Wednesday, July 2, 2008

Last Moments on Terra Cognita

So my last few days have been filled with a vague panic over finances. Important suggestion to anyone pursuing this program: get these details worked out early.

I think I was trying to be polite when I didn't force anyone into firm answers early on about who would be paying for what and how, but this politeness isn't being reciprocated with a happy outcome so far.

Even though I am going to India, the expenses I will incur are considerable. It seems they are learning how to cash in on the oodles of western business people making their way through the country, and I can't blame them.

I, however, am left in a bind. I don't have the cash to pay for everything up front, and that is how the guest house where I am staying would like payment: cash. They accept MasterCard for the lodgings, but for my driver who will be paid by the hour the whole time I am there, they tell me they want a lump sum payment upon checkout. My estimate is that this lump sum will be around three thousand American dollars (times that by forty to calculate the rupees and the sum sounds even worse).

So here I am, four days before I take off with no way to pay for this venture.

Finance here is trying to come up with solutions but there is so little time (especially because the Forth of July holiday is now approaching), that the possibilities are limited.

They've asked me if I can rent a car instead of hire a driver. They've asked if I can stay somewhere else, and I am hard pressed to answer any of these questions. For help with any of this, we need to contact India, and that takes 24 hours since they are a full ten and a half hours ahead of us. They're gone for the day by the time we start working.

So my last few days are a bit harried, wondering if I should push back the trip if we can't get this worked out. My fear is a vision of myself in India at the checkout desk with no way to pay, getting handcuffed and dragged off. I wonder if an Indian prison is anything like an ashram. I would have a lot of time to get some good meditation in.

I should have started getting down to specifics sooner, but there was a necessary progression that took some time: find the place I'd be staying, identify the dates, assemble a cost estimate, etc., etc.

Still, somewhere early on in that list should have been the checkbox: contact Finance and start asking them all kinds of questions.

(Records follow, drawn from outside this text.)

(* Let $N\ge3$ and $\alpha>-2$. There exists a constant $C_{N,\alpha}>0$ depending only on $N$ and $\alpha$ such that for every $\beta\le\beta_0$, $$u_\beta(r)\le-(4+\alpha)\ln r+C_{N,\alpha}\quad\text{for all }r>0.$$
   Context: Fix an integer $N\ge3$ and $\alpha>-2$. For $\beta\in\mathbb{R}$, $u_\beta$ denotes the radial function $u_\beta(x)=u_\beta(r)$, $r=|x|$, solving the initial value problem $\Delta^2u=|x|^\alpha e^u$ for $r\in[0,R_\beta)$, $u'(0)=u'''(0)=0$, $u(0)=0$, $\Delta u(0)=\beta$, where $\Delta u=u''+\frac{N-1}{r}u'$ is the radial Laplacian in $\mathbb{R}^N$ and $[0,R_\beta)$ is the maximal interval of existence. $u_\beta$ is called an entire solution if $R_\beta=\infty$. $\beta_0:=\sup\{\beta\in\mathbb{R}:R_\beta=\infty\}$; it is known that $\beta_0$ is a finite negative number and that $R_\beta=\infty$ if and only if $\beta\le\beta_0$. *)

From Stdlib Require Import Reals.
From Coquelicot Require Import Coquelicot.
Open Scope R_scope.

Definition rlap (N : nat) (f : R -> R) (r : R) : R :=
  Derive_n f 2 r + (INR N - 1) / r * Derive f r.

(* u : [0,oo) -> R is an entire (R_beta = +oo) radial solution of
   Delta^2 u = |x|^alpha e^u with u(0)=0, u'(0)=0, Delta u(0)=beta and the
   regularity condition replacing u'''(0)=0. *)
Definition entire_radial_solution (N : nat) (alpha beta : R) (u : R -> R) : Prop :=
  (forall r, 0 < r -> forall k, (k <= 3)%nat -> ex_derive (Derive_n u k) r) /\
  (forall r, 0 < r ->
     Derive_n (rlap N u) 2 r + (INR N - 1) / r * Derive (rlap N u) r
     = Rpower r alpha * exp (u r)) /\
  u 0 = 0 /\
  filterlim u (at_right 0) (locally 0) /\
  filterlim (Derive u) (at_right 0) (locally 0) /\
  filterlim (rlap N u) (at_right 0) (locally beta) /\
  filterlim (fun r => r ^ (N - 1) * Derive (rlap N u) r) (at_right 0) (locally 0).

Definition beta0 (N : nat) (alpha : R) : Rbar :=
  Lub_Rbar (fun beta => exists u, entire_radial_solution N alpha beta u).

(* Write v = Delta u (radial Laplacian) and F(r) = r^(N-1) v'(r).  The equation
   reads F'(r) = r^(N-1+alpha) e^(u(r)) >= 0 and F(0+) = 0, so F >= 0 and v is
   nondecreasing; since (r^(N-1) u')' = r^(N-1) v and r^(N-1) u' -> 0 at 0,
   this gives u'(r) <= r v(r) / N.

   1. v <= 0 everywhere.  Otherwise v and u' are nonnegative beyond some Rs, and
      integrating the equation four times on [T, 3T] (Rs <= T) yields the
      self-improving growth u(b) >= u(s) + c_T e^(u(s)) (b - s)^4.  Iterating it
      along the radii 3T - 2T 2^(-k) forces u(3T) = +oo as soon as
      c_T T^4 e^(u(T)) >= 4, which holds for T large.
   2. Hence u is nonincreasing, F(r) >= e^(u(r)) r^(N+alpha) / (N+alpha), and
      comparing v(r) with v(2r) <= 0 gives u'(r) <= -(4+alpha) K e^(u(r)) r^(3+alpha)
      for an explicit K = K_(N,alpha) > 0.
   3. Then e^(-u) - K r^(4+alpha) is nondecreasing with limit 1 at 0+, so
      u(r) <= -(4+alpha) ln r - ln K. *)

From Stdlib Require Import Reals Lra Lia.
From Coquelicot Require Import Coquelicot.
Open Scope R_scope.

Lemma exp_le_compat (x y : R) : x <= y -> exp x <= exp y.
Proof. intros [h|h]; [left; apply exp_increasing, h | subst; lra]. Qed.

Lemma ln_le_compat (x y : R) : 0 < x -> x <= y -> ln x <= ln y.
Proof. intros hx [h|h]; [left; apply ln_increasing; lra | subst; lra]. Qed.

Lemma is_derive_value_eq (f : R -> R) (x l l' : R) :
  is_derive f x l -> l = l' -> is_derive f x l'.
Proof. intros H <-. exact H. Qed.

Lemma increment_le_of_deriv_le (f g df dg : R -> R) (a b : R) : a <= b ->
  (forall x, a <= x <= b -> is_derive f x (df x)) ->
  (forall x, a <= x <= b -> is_derive g x (dg x)) ->
  (forall x, a <= x <= b -> dg x <= df x) -> g b - g a <= f b - f a.
Proof.
intros hab Hf Hg Hle.
assert (D : forall x, a <= x <= b -> is_derive (fun x => f x - g x) x (df x - dg x)).
{ intros x Hx. exact (is_derive_minus f g x (df x) (dg x) (Hf x Hx) (Hg x Hx)). }
destruct (MVT_gen (fun x => f x - g x) a b (fun x => df x - dg x)) as [c [Hc E]].
- intros x Hx. rewrite Rmin_left, Rmax_right in Hx by lra. apply D; lra.
- intros x Hx. rewrite Rmin_left, Rmax_right in Hx by lra.
  apply continuity_pt_filterlim, (ex_derive_continuous (fun x => f x - g x)).
  eexists. apply D; lra.
- rewrite Rmin_left, Rmax_right in Hc by lra. simpl in E.
  pose proof (Hle c Hc).
  assert (0 <= (df c - dg c) * (b - a)) by (apply Rmult_le_pos; lra). lra.
Qed.

Lemma nondecreasing_of_deriv_nonneg (f df : R -> R) (a b : R) : a <= b ->
  (forall x, a <= x <= b -> is_derive f x (df x)) ->
  (forall x, a <= x <= b -> 0 <= df x) -> f a <= f b.
Proof.
intros hab Hf Hd.
pose proof (increment_le_of_deriv_le f (fun _ => 0) df (fun _ => 0) a b hab Hf
  (fun x _ => is_derive_const 0 x) Hd). lra.
Qed.

Lemma nonincreasing_of_deriv_nonpos (f df : R -> R) (a b : R) : a <= b ->
  (forall x, a <= x <= b -> is_derive f x (df x)) ->
  (forall x, a <= x <= b -> df x <= 0) -> f b <= f a.
Proof.
intros hab Hf Hd.
pose proof (increment_le_of_deriv_le (fun _ => 0) f (fun _ => 0) df a b hab
  (fun x _ => is_derive_const 0 x) Hf Hd). lra.
Qed.

Lemma increment_ge_of_deriv_ge (f df : R -> R) (k : R) (n : nat) (a b : R) :
  a <= b ->
  (forall x, a <= x <= b -> is_derive f x (df x)) ->
  (forall x, a <= x <= b -> k * (x - a)^n <= df x) ->
  f a + k * (b - a)^(S n) / INR (S n) <= f b.
Proof.
intros hab Hf Hk.
assert (hn : 0 < INR (S n)) by (apply lt_0_INR; lia).
set (g := fun x => k / INR (S n) * (x - a)^(S n)).
assert (Hg : forall x, a <= x <= b -> is_derive g x (k * (x - a)^n)).
{ intros x _. unfold g.
  assert (Hlin : is_derive (fun t => t - a) x 1).
  { replace 1 with (1 - 0) by ring.
    apply (is_derive_minus (fun t => t) (fun _ => a));
      [exact (is_derive_id x) | exact (is_derive_const a x)]. }
  pose proof (is_derive_scal _ x (k / INR (S n)) _ (is_derive_pow _ (S n) x 1 Hlin)) as H.
  replace (k * (x - a)^n) with (k / INR (S n) * (INR (S n) * 1 * (x - a)^Init.Nat.pred (S n)))
    by (simpl Init.Nat.pred; field; lra).
  exact H. }
pose proof (increment_le_of_deriv_le f g df (fun x => k * (x - a)^n) a b hab Hf Hg Hk) as C.
unfold g in C. replace ((a - a)^(S n)) with 0 in C by (simpl; ring).
replace (k * (b - a)^(S n) / INR (S n)) with (k / INR (S n) * (b - a)^(S n)) by (field; lra).
lra.
Qed.

Lemma le_div_of_weighted (c h w W : R) :
  0 < w -> w <= W -> 0 <= c -> c <= w * h -> c / W <= h.
Proof.
intros hw hwW hc hch.
apply Rle_trans with (c / w).
- unfold Rdiv. apply Rmult_le_compat_l; [exact hc|]. apply Rinv_le_contravar; lra.
- apply (Rmult_le_reg_l w); [exact hw|]. unfold Rdiv.
  rewrite <- Rmult_assoc, (Rmult_comm w c), Rmult_assoc, Rinv_r, Rmult_1_r; lra.
Qed.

I'm assured this will all be okay (and thank you to Finance for the assurance), but lots of people are doing lots of last-minute scrambling that could have been handled much better if we had more time for these phone calls and emails to make their way around the world.

Under the fog of the finance question, I am also making other last-minute preparations. I had to get a "vacation override" at the pharmacy so I could take three months of my prescription drugs with me. I have to stop at the bank in downtown Iowa City to exchange some cash so I can hit the ground in India with a decent stash of rupees hidden somewhere on my body. My sock, perhaps? Those money belts are just so ugly.

Otherwise, I need to start packing for keeps. Since mid-June I've been picking things up and casually placing them into my suitcases, then taking them back out when I need to use them (nail clippers, for instance). But I need to get serious and actually start thinking to myself, "This is all I'll have with me when I get there. What do I need?"

I've set all my bills up so I can pay them online, and I've settled the outstanding accounts with doctors and chiropractors that I knew were still pending.

I'm lucky because my husband will be taking care of the house while I'm gone, so I don't have to make any additional arrangements for lawn care or pet care, and I don't have to forward the heaps of junk mail I'll get so it catches up with me in New Delhi.

I've downloaded Skype so I can communicate over the computer for free. Anyone wanting to do the same can visit: http://www.skype.com/download/skype/windows/

I've made sure my husband is on my checking account so he can pay any stray bills that may filter in while I'm gone.

I've participated in the creation of a Vicki Tracking Device at my office: a paper chain with a link for every day that I'll be gone. Each day, a link gets removed so the chain always indicates how many more days until I return. It's an awfully long chain right now.

And that's it. My shots are done. The airline tickets are purchased. The reservations are made. A driver will be holding a sign with my name on it at the airport when I get there and will take me to the Ahuja Residency where I will sit down after two straight days of travelling and likely melt into a gelatinous puddle of human being.

I leave Cedar Rapids on Sunday morning at 9:20 a.m. and take a 55 minute flight to O'Hare Airport in Chicago. Then I have a layover there until 7:15 p.m. Fortunately, my family lives about ten minutes away from O'Hare, and I can visit with them during the layover.

The 777 that leaves O'Hare at 7:15 on Sunday night will arrive at Indira Gandhi Airport in New Delhi at 8:35 p.m. on Monday night, after being in the air for 14 hours and 50 minutes and crossing enough time zones to create a ten and a half hour time difference.

As I wonder how I will record this travel time on my timecard, I am besotted by the fact that my high school math teacher was once again right: I will use trigonometry in real life.